ASSIGNMENT: In the records below, begin at the line that has "exists h, is_linv g h /\ (forall j : int, j" and stop after the line that has "smooth_loop X /\"; quote those lines verbatim and nothing more.

■ ■ ■ ■ ■ ■ ■

(* Let $L\mathfrak{g}^{\sigma^*}$, $\widetilde G$ and its coadjoint action $\mathrm{Ad}^*_{\widetilde G}$ be as in the context. For integers $m\ge 0$ and $p\ge1$ let $$\widetilde{\mathfrak g}^*_{(m,p)}=\Big\{X\in L\mathfrak{g}^{\sigma^*}\ :\ X(z)=\sum_{j=-m}^{p}X_jz^j\Big\}.$$ Then $\widetilde{\mathfrak g}^*_{(m,p)}$ is invariant under $\mathrm{Ad}^*_{\widetilde G}(g)$ for every $g\in\widetilde G$.
   Context: $LG$ is the group of smooth loops $g:S^1\to GL(n,\mathbb{C})$ with $\overline{g(z)}=g(\bar z)$; $LG^{\Sigma}=\{g\in LG: g(z)g(-z)^T=I\}$. $LG^{\Sigma}_+$ (resp. $LG^{\Sigma}_-$) is the subgroup of loops in $LG^{\Sigma}$ extending analytically (as invertible matrices) to the interior (resp. exterior) of the unit circle, with the extra requirement $g(\infty)=I$ for $LG^{\Sigma}_-$. $\widetilde G=\{g\in LG^{\Sigma}: g=g_+g_-^{-1},\ g_+\in LG^{\Sigma}_+,\ g_-\in LG^{\Sigma}_-\}$; the factors $g_\pm$ are unique. $L\mathfrak{g}^{\sigma^*}$ is the space of loops $X(z)=\sum_jX_jz^j$ with real $n\times n$ coefficients, $X_{2j}$ symmetric and $X_{2j+1}$ skew-symmetric. $\Pi_+$ (resp. $\Pi_-$) is the projection $\sum_jX_jz^j\mapsto\sum_{j\ge0}X_jz^j$ (resp. $\sum_{j<0}X_jz^j$). The coadjoint action of $g=g_+g_-^{-1}\in\widetilde G$ on $A\in L\mathfrak{g}^{\sigma^*}$ is $\mathrm{Ad}^*_{\widetilde G}(g)A=\Pi_-(g_+^{-1}Ag_+)+\Pi_+(g_-^{-1}Ag_-)$. *)

From HB Require Import structures.
From mathcomp Require Import all_boot all_order all_algebra.
From mathcomp Require Import all_classical all_reals all_analysis.
Set Implicit Arguments. Unset Strict Implicit. Unset Printing Implicit Defensive.
Import Order.TTheory GRing.Theory Num.Theory.
Local Open Scope ring_scope.

(* A loop z |-> X(z) = sum_j X_j z^j on S^1 is represented by its Fourier
   coefficients j |-> X_j.  The reality condition conj(g z) = g(conj z) of LG
   (and the reality of the coefficients of Lg^{sigma*}) means exactly that the
   coefficients are real matrices. *)
Definition loop (R : realType) (n : nat) := int -> 'M[R]_n.

(* smoothness of the loop = rapid decay of the Fourier coefficients *)
Definition smooth_loop (R : realType) (n : nat) (X : loop R n) : Prop :=
  forall k : nat, exists C : R, forall (j : int) (a b : 'I_n),
    `|(j%:~R : R)| ^+ k * `|X j a b| <= C.

Definition sumZ (R : realType) (u : int -> R) : R :=
  limn (fun N : nat => \sum_(0 <= l < N.*2.+1) u (l%:Z - N%:Z)).

(* pointwise product of loops = convolution of the coefficients *)
Definition lmul (R : realType) (n : nat) (X Y : loop R n) : loop R n :=
  fun k => \matrix_(a, b) sumZ (fun l => (X l *m Y (k - l)) a b).

Definition lone (R : realType) (n : nat) : loop R n :=
  fun k => if k == 0 then 1%:M else 0.

(* z |-> g(-z)^T *)
Definition lsigma (R : realType) (n : nat) (g : loop R n) : loop R n :=
  fun j => ((-1 : R) ^ j) *: (g j)^T.

Definition is_linv (R : realType) (n : nat) (g h : loop R n) : Prop :=
  smooth_loop h /\ lmul g h = lone R n /\ lmul h g = lone R n.

(* LG : smooth loops into GL(n,C) with conj(g z) = g(conj z) *)
Definition LG (R : realType) (n : nat) (g : loop R n) : Prop :=
  smooth_loop g /\ exists h, is_linv g h.

Definition LGSigma (R : realType) (n : nat) (g : loop R n) : Prop :=
  LG g /\ lmul g (lsigma g) = lone R n.

(* LG^Sigma_+ : extends holomorphically, as invertible matrices, to |z| < 1 *)
Definition LGSigma_plus (R : realType) (n : nat) (g : loop R n) : Prop :=
  LGSigma g /\ (forall j : int, j < 0 -> g j = 0) /\
  exists h, is_linv g h /\ (forall j : int, j < 0 -> h j = 0).

(* LG^Sigma_- : extends holomorphically, as invertible matrices, to |z| > 1,
   with g(oo) = I *)
Definition LGSigma_minus (R : realType) (n : nat) (g : loop R n) : Prop :=
  LGSigma g /\ (forall j : int, 0 < j -> g j = 0) /\ g 0 = 1%:M /\
  exists h, is_linv g h /\ (forall j : int, 0 < j -> h j = 0).

(* L g^{sigma*} : real coefficients, X_{2j} symmetric, X_{2j+1} skew *)
Definition Lgsigma_star (R : realType) (n : nat) (X : loop R n) : Prop :=
  smooth_loop X /\ forall j : int, (X j)^T = ((-1 : R) ^ j) *: X j.

Definition gstar_mp (R : realType) (n m p : nat) (X : loop R n) : Prop :=
  Lgsigma_star X /\ forall j : int, (j < - (m%:Z)) || (p%:Z < j) -> X j = 0.

(* Ad^*(g) A = Pi_-(g_+^{-1} A g_+) + Pi_+(g_-^{-1} A g_-), where
   g = g_+ g_-^{-1}, gpi = g_+^{-1}, gmi = g_-^{-1} *)
Definition Ad_star (R : realType) (n : nat) (gp gpi gm gmi A : loop R n)
  : loop R n :=
  fun k => if k < 0 then lmul (lmul gpi A) gp k else lmul (lmul gmi A) gm k.

From HB Require Import structures.
From mathcomp Require Import all_boot all_order all_algebra.
From mathcomp Require Import all_classical all_reals all_analysis.
From mathcomp Require Import zify ring lra.
Import Order.TTheory GRing.Theory Num.Theory numFieldNormedType.Exports.
Local Open Scope ring_scope.
Set Implicit Arguments. Unset Strict Implicit. Unset Printing Implicit Defensive.

(* Write lsigma X for the loop z |-> X(-z)^T.  The conditions on A say exactly
   that lsigma A = A, the condition g(z) g(-z)^T = I says that lsigma g is a right
   inverse of g, and lsigma reverses products (lsigma (X Y) = lsigma Y lsigma X)
   as long as the convolutions involved are finite sums.  Since g_+ has no
   negative Fourier modes, its inverse g_+^{-1} equals lsigma g_+; this is the
   only analytic step, as reassociating g_+^{-1} g_+ lsigma g_+ involves an
   infinite convolution and needs the rapid decay of the coefficients of g_+^{-1}.
   Then g_+^{-1} A g_+ has no modes below -m, all its convolutions are finite, and
   lsigma (lsigma g_+ A g_+) = lsigma g_+ A g_+, so its negative part lies in
   g^*_(m,p).  The g_- half is the same argument after z |-> 1/z. *)

Section PartialSums.
Variable V : zmodType.
Implicit Types (u : int -> V) (K : nat).

Definition psumZ K u : V := \sum_(0 <= i < K.*2.+1) u (i%:Z - K%:Z).

Definition supp_in K u := forall j : int, (K < absz j)%N -> u j = 0.
(* Let $Q\in\mathbb{R}^{n\times n}$ be symmetric and doubly stochastic with eigenvalues $1=\lambda_1>\lambda_2\ge\cdots\ge\lambda_n>-1$. Let $\delta\in(0,1)$ and $\gamma\in(0,1/4)$, and let $\tau\in\mathbb{N}$ satisfy $$\tau\ge\left\lceil\frac{2}{\gamma(1-\lambda_2)}\max\left\{4\ln\Big(\frac{2}{\gamma(1-\lambda_2)}\Big),\ \gamma(1-\lambda_2)-\ln\frac{\sqrt{\delta}}{4}\right\}\right\rceil.$$ Then $\|\mathbf{J}_\gamma^\tau\|^2\le\delta<1$, where $\mathbf{J}_\gamma^\tau$ is the $\tau$-fold product of $\mathbf{J}_\gamma$ with itself and $$\mathbf{J}_\gamma=\begin{bmatrix}\bar{\mathbf{I}}_n-\gamma\mathbf{Q}' & 0 & -(\bar{\mathbf{I}}_n-\gamma\mathbf{Q}')\\ 0 & \bar{\mathbf{I}}_n-\gamma\mathbf{Q}' & -\bar{\mathbf{I}}_n\\ 0&0&\bar{\mathbf{I}}_n-\gamma\mathbf{Q}'\end{bmatrix}\in\mathbb{R}^{3nd\times 3nd}.$$
   Context: $d\in\mathbb{N}$; $\bar{\mathbf{I}}_n=(I_n-\frac1n1_n1_n^T)\otimes I_d$ and $\mathbf{Q}'=(I_n-Q)\otimes I_d$, where $1_n$ is the all-ones vector and $\otimes$ the Kronecker product. $\|\cdot\|$ is the spectral ($\ell_2$ operator) norm and $\lceil\cdot\rceil$ the ceiling function. *)

From HB Require Import structures.
From mathcomp Require Import all_boot all_order all_algebra.
From mathcomp Require Import mxtens.
From mathcomp Require Import classical_sets reals exp.
Set Implicit Arguments. Unset Strict Implicit. Unset Printing Implicit Defensive.
Import Order.TTheory GRing.Theory Num.Theory.
Local Open Scope ring_scope.
Local Open Scope classical_set_scope.

Definition vnorm (R : realType) (m : nat) (x : 'cV[R]_m) : R :=
  Num.sqrt (\sum_(i < m) x i 0 ^+ 2).
Lemma adjoin_index w d : has_index K d -> has_index (adjoin K w e) (d * e).
Proof.
case=> gK /(coset_classifier subK) [cK [cKP gKK]].
pose c (x : V * int) := (cK (x.1 - w *~ (x.2 %/ e%:Z)%Z), residue x.2).
have cP : classifies (adjoin K w e) c.
  move=> [x1 x2] [y1 y2]; rewrite /c /adjoin /=.
  split => [/pair_equal_spec [/cKP Kxy /residue_eq e_dvd] | [e_dvd Kxy]].
    by rewrite divzB // subr_mulrzB.
  by congr pair; [apply/cKP; rewrite -subr_mulrzB -divzB | apply/residue_eq].
have := classifier_has_index cP.
suff -> : [set t | `[< exists x, c x = t >]] = setT by rewrite cardsT card_prod !card_ord.
apply/setP => -[i j]; rewrite !inE; apply/asboolP; exists (gK i, (j : nat)%:Z).
rewrite /c /= divz_small; last by rewrite ltz_nat ltn_ord.
by rewrite [w *~ _](_ : _ = 0) // subr0 gKK residue_nat.
Qed.

End Adjoin.

Lemma adjoin_inj (V : zmodType) (K K' : V -> Prop) w w' e e' :
  (0 < e)%N -> (0 < e')%N -> is_subgroup K -> is_subgroup K' ->
  adjoin K w e = adjoin K' w' e' -> [/\ e = e', K = K' & K (w - w')].
Proof.
move=> e_gt0 e'_gt0 subK subK' eq_adjoin.
have /eqP eq_e : e == e'.
  have := adjoin_self subK e_gt0 w; rewrite eq_adjoin => -[e'_dvd _].
  have := adjoin_self subK' e'_gt0 w'; rewrite -eq_adjoin => -[e_dvd _].
  by rewrite eqn_dvd; apply/andP; split; [exact: e_dvd | exact: e'_dvd].
subst e'; have eq_K : K = K'.
  apply/funext => v; apply/propext.
  by rewrite -(adjoin_slice K w e) -(adjoin_slice K' w' e) eq_adjoin.
subst K'; split => //.
have := adjoin_self subK e_gt0 w; rewrite eq_adjoin => -[_] /=.
by rewrite divzz eqz_nat -lt0n e_gt0 mulr1z.
Qed.
(* Let $q$ be a prime power and let $n$ be an odd positive integer coprime to $q$. The following are equivalent: (1) every monic irreducible factor of $x^{n}-1$ in $\mathbb{F}_{q^2}[x]$ is SCRIM; (2) for every prime divisor $l$ of $n$, every monic irreducible factor of $x^{l}-1$ in $\mathbb{F}_{q^2}[x]$ is SCRIM; (3) for every prime divisor $l$ of $n$, $\mathrm{ord}_l(q^2)$ is odd and $\mathrm{ord}_l(q)$ is even.
   Context: $\mathbb{F}_{q^2}$ is the finite field with $q^2$ elements. For $\alpha\in\mathbb{F}_{q^2}$ put $\bar\alpha=\alpha^q$, and for $f(x)=\sum_i f_ix^i$ put $\overline{f(x)}=\sum_i \bar f_i x^i$. For $f(x)$ with $f(0)\neq 0$, $f^*(x)=x^{\deg f}f(0)^{-1}f(1/x)$ and $f^\dagger(x)=\overline{f^*(x)}$. A polynomial is SCRIM if it is monic, irreducible over $\mathbb{F}_{q^2}$, has nonzero constant term, and satisfies $f=f^\dagger$. $\mathrm{ord}_l(a)$ denotes the multiplicative order of $a$ modulo $l$. *)

From mathcomp Require Import all_boot all_algebra all_field.
Set Implicit Arguments. Unset Strict Implicit. Unset Printing Implicit Defensive.
Import GRing.Theory.
Local Open Scope ring_scope.

(* F is a finite field with q^2 elements; conjugation a |-> a^q. *)
Definition fconj (F : finFieldType) (q : nat) (a : F) : F := a ^+ q.

Definition pconj (F : finFieldType) (q : nat) (f : {poly F}) : {poly F} :=
  map_poly (@fconj F q) f.

(* f^*(x) = x^{deg f} f(0)^{-1} f(1/x): the reversed coefficient list,
   scaled by f(0)^{-1}.  (deg f = size f - 1.) *)
Definition pstar (F : finFieldType) (f : {poly F}) : {poly F} :=
  (f`_0)^-1 *: \poly_(i < size f) f`_((size f).-1 - i).

Definition pdagger (F : finFieldType) (q : nat) (f : {poly F}) : {poly F} :=
  pconj q (pstar f).

Definition SCRIM (F : finFieldType) (q : nat) (f : {poly F}) : Prop :=
  [/\ f \is monic, irreducible_poly f, f`_0 != 0 & f = pdagger q f].

(* multiplicative order of a modulo l: least k >= 1 with a^k = 1 (mod l);
   (0 if none exists in 1..l, which never happens for coprime a, l >= 2) *)
Definition ordmod (l a : nat) : nat :=
  head 0%N [seq k <- iota 1 l | (a ^ k %% l == 1 %% l)%N].

Definition prime_power (q : nat) : Prop :=
  exists p k : nat, [/\ prime p, (0 < k)%N & q = (p ^ k)%N].

From mathcomp Require Import all_boot all_algebra all_field.
From mathcomp Require Import cyclic zify ring.
From Stdlib Require Import Classical.
(* Let $D$ be a reduced knot diagram, let $2\le k\le\infty$, and let $\boldsymbol\ell$ be a null pattern of the game matrix $M$ of some version of the $k$-color region select game on $D$. Then there exists $s\in\mathbb{Z}_k$ such that $\sigma_{\boldsymbol\ell}(e)\in\{s,-s\}$ for every edge $e$ of $D$. Moreover, let $e_1,e_2$ be any two edges that meet at a common vertex and are not incident to a common region. Then $\sigma_{\boldsymbol\ell}(e_1)=s$ if and only if $\sigma_{\boldsymbol\ell}(e_2)=-s$.
   Context: Diagrams: a link (knot) diagram $D$ is the underlying graph of a regular projection of a link (knot) into $S^2$. Its vertices are the crossings, each of valence 4, and over/under information is ignored. Components without crossings are closed loops, each regarded as one edge with no vertices. Regions of $D$ are the connected components of $S^2\setminus D$. A vertex or edge is incident to a region if it lies in the boundary of that region. Two regions are adjacent if they are incident to a common edge. A vertex $v$ is reducible if some circle in $S^2$ meets $D$ transversely only at $v$, and irreducible otherwise. An irreducible vertex is incident to four distinct regions. A reducible vertex $v$ is incident to exactly three regions $r_0,r_1,r_2$, where $r_0$ touches $v$ from two sides and $r_1,r_2$ touch it from one side. A knot diagram with $n$ vertices has $n+2$ regions. A knot diagram is reduced if all its vertices are irreducible. Ring: for an integer $k\ge2$ let $\mathbb{Z}_k=\mathbb{Z}/k\mathbb{Z}$, and for $k=\infty$ let $\mathbb{Z}_\infty=\mathbb{Z}$. Game versions: a version of the $k$-color region select game on $D$ is a choice of an increment number $a(v,r)\in\mathbb{Z}_k$ for every incident vertex–region pair, subject to the following rules. - If $k<\infty$ and $v$ is irreducible, then $a(v,r)=a_v$ is the same for all regions $r$ incident to $v$, and $a_v$ is not a zero divisor of $\mathbb{Z}_k$. - If $k<\infty$ and $v$ is reducible, then $a(v,r_0)$ is arbitrary, while $a(v,r_1)$ and $a(v,r_2)$ are not zero divisors. - If $k=\infty$, then $a(v,r)=1$, except that $a(v,r_0)\in\mathbb{Z}$ is arbitrary when $v$ is reducible. - The original game is the version in which all increment numbers equal $1$. Game matrix: enumerate the vertices as $v_1,\dots,v_n$ and the regions as $r_1,\dots,r_m$. The game matrix is the $n\times m$ matrix $M$ over $\mathbb{Z}_k$ with $M_{ij}=a(v_i,r_j)$ if $v_i$ is incident to $r_j$, and $M_{ij}=0$ otherwise. Patterns and configurations: a push pattern is a vector $\mathbf p\in\mathbb{Z}_k^m$, and $\mathbf p(r_j)=p_j$ is the number of times $r_j$ is pushed. A region $r$ is not pushed in $\mathbf p$ if $\mathbf p(r)=0$. A color configuration is a vector $\mathbf c\in\mathbb{Z}_k^n$. Applying $\mathbf p$ to $\mathbf c$ yields $\mathbf c+M\mathbf p$. The configuration $\mathbf c$ is solvable if some $\mathbf p$ satisfies $M\mathbf p=-\mathbf c$; such a $\mathbf p$ is a solving pattern for $\mathbf c$. $D$ is always solvable in the version if every $\mathbf c\in\mathbb{Z}_k^n$ is solvable. A null pattern is an element of $Ker_k(M)=\{\mathbf p\in\mathbb{Z}_k^m: M\mathbf p=0\}$. Push number: for a push pattern $\mathbf p$ and an edge $e$ incident to regions $r,r'$, the push number of $e$ is $\sigma_{\mathbf p}(e)=\mathbf p(r)+\mathbf p(r')\in\mathbb{Z}_k$. *)

From HB Require Import structures.
From mathcomp Require Import all_boot all_order all_fingroup all_algebra.
Set Implicit Arguments. Unset Strict Implicit. Unset Printing Implicit Defensive.
Import GRing.Theory.
Local Open Scope ring_scope.

(* A diagram with at least one crossing is encoded as a combinatorial map
   (rotation system) on a finite set T of darts (half-edges):
   - [sig] rotates the darts cyclically around their vertex (crossing);
   - [alp] is the fixed-point-free involution pairing the two darts of an edge;
   - regions (faces) are the orbits of [d |-> sig (alp d)].
   Dart d corresponds to the corner at its vertex between sig^-1 d and d, and
   this corner lies in the region (face orbit) containing d. *)

Definition orbit_set (T : finType) (f : T -> T) (x : T) : {set T} :=
  [set y | fconnect f x y].
Definition orbits (T : finType) (f : T -> T) : {set {set T}} :=
  [set orbit_set f x | x : T].

Section Diagram.
Variable T : finType.
Variables (sig alp : {perm T}).

Definition face_step (d : T) : T := sig (alp d).
(* straight-ahead continuation of a strand through the next crossing *)
Definition strand_step (d : T) : T := sig (sig (alp d)).

Definition vertices : {set {set T}} := orbits sig.
Definition edges : {set {set T}} := orbits alp.
Definition regions : {set {set T}} := orbits face_step.
Definition region_of (d : T) : {set T} := orbit_set face_step d.

Definition is_knot_diagram : Prop :=
  [/\ (forall d, alp (alp d) = d /\ alp d != d),
      (forall d, #|orbit_set sig d| = 4%N),
      (forall x y, connect (fun a b => (b == sig a) || (b == alp a)) x y),
      (* spherical (genus 0): V - E + F = 2 *)
      (#|vertices| + #|regions| = #|edges| + 2)%N &
      (* a single component: the straight-ahead walk has exactly two orbits
         (the two orientations of the one strand) *)
      #|orbits strand_step| = 2%N].

Definition incident_vr (v r : {set T}) : bool := ~~ [disjoint v & r].
Definition incident_er (e r : {set T}) : bool := ~~ [disjoint e & r].

(* A vertex is irreducible iff it is incident to four distinct regions,
   i.e. its four corners lie in pairwise distinct regions. *)
Definition irreducible (v : {set T}) : bool :=
  [forall d in v, forall d' in v, (d != d') ==> (region_of d != region_of d')].

Definition reduced : Prop := forall v, v \in vertices -> irreducible v.

(* number of sides from which region r touches vertex v *)
Definition touch (v r : {set T}) : nat := #|v :&: r|.

Section Game.
Variable R : pzRingType.

Definition not_zero_divisor (x : R) : Prop := forall y : R, x * y = 0 -> y = 0.

(* versions of the k-color game, k finite (R = Z_k) *)
Definition finite_version (a : {set T} -> {set T} -> R) : Prop :=
  forall v, v \in vertices ->
    (irreducible v -> exists c, not_zero_divisor c /\
        forall r, r \in regions -> incident_vr v r -> a v r = c) /\
    (~~ irreducible v -> forall r, r \in regions -> incident_vr v r ->
        touch v r = 1%N -> not_zero_divisor (a v r)).

(* versions for k = infinity (R = Z) *)
Definition infinite_version (a : {set T} -> {set T} -> R) : Prop :=
  forall v, v \in vertices -> forall r, r \in regions -> incident_vr v r ->
    irreducible v || (touch v r == 1%N) -> a v r = 1.

(* game matrix entries, rows = vertices, columns = regions *)
Definition game_matrix (a : {set T} -> {set T} -> R) (v r : {set T}) : R :=
  if incident_vr v r then a v r else 0.

(* push patterns are functions on regions (values elsewhere are irrelevant) *)
Definition null_pattern (a : {set T} -> {set T} -> R) (p : {set T} -> R) : Prop :=
  forall v, v \in vertices -> \sum_(r in regions) game_matrix a v r * p r = 0.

■ ■ ■ ■ ■ ■ ■

EXPECTED ANSWER:
  exists h, is_linv g h /\ (forall j : int, j < 0 -> h j = 0).

(* LG^Sigma_- : extends holomorphically, as invertible matrices, to |z| > 1,
   with g(oo) = I *)
Definition LGSigma_minus (R : realType) (n : nat) (g : loop R n) : Prop :=
  LGSigma g /\ (forall j : int, 0 < j -> g j = 0) /\ g 0 = 1%:M /\
  exists h, is_linv g h /\ (forall j : int, 0 < j -> h j = 0).

(* L g^{sigma*} : real coefficients, X_{2j} symmetric, X_{2j+1} skew *)
Definition Lgsigma_star (R : realType) (n : nat) (X : loop R n) : Prop :=
  smooth_loop X /\ forall j : int, (X j)^T = ((-1 : R) ^ j) *: X j.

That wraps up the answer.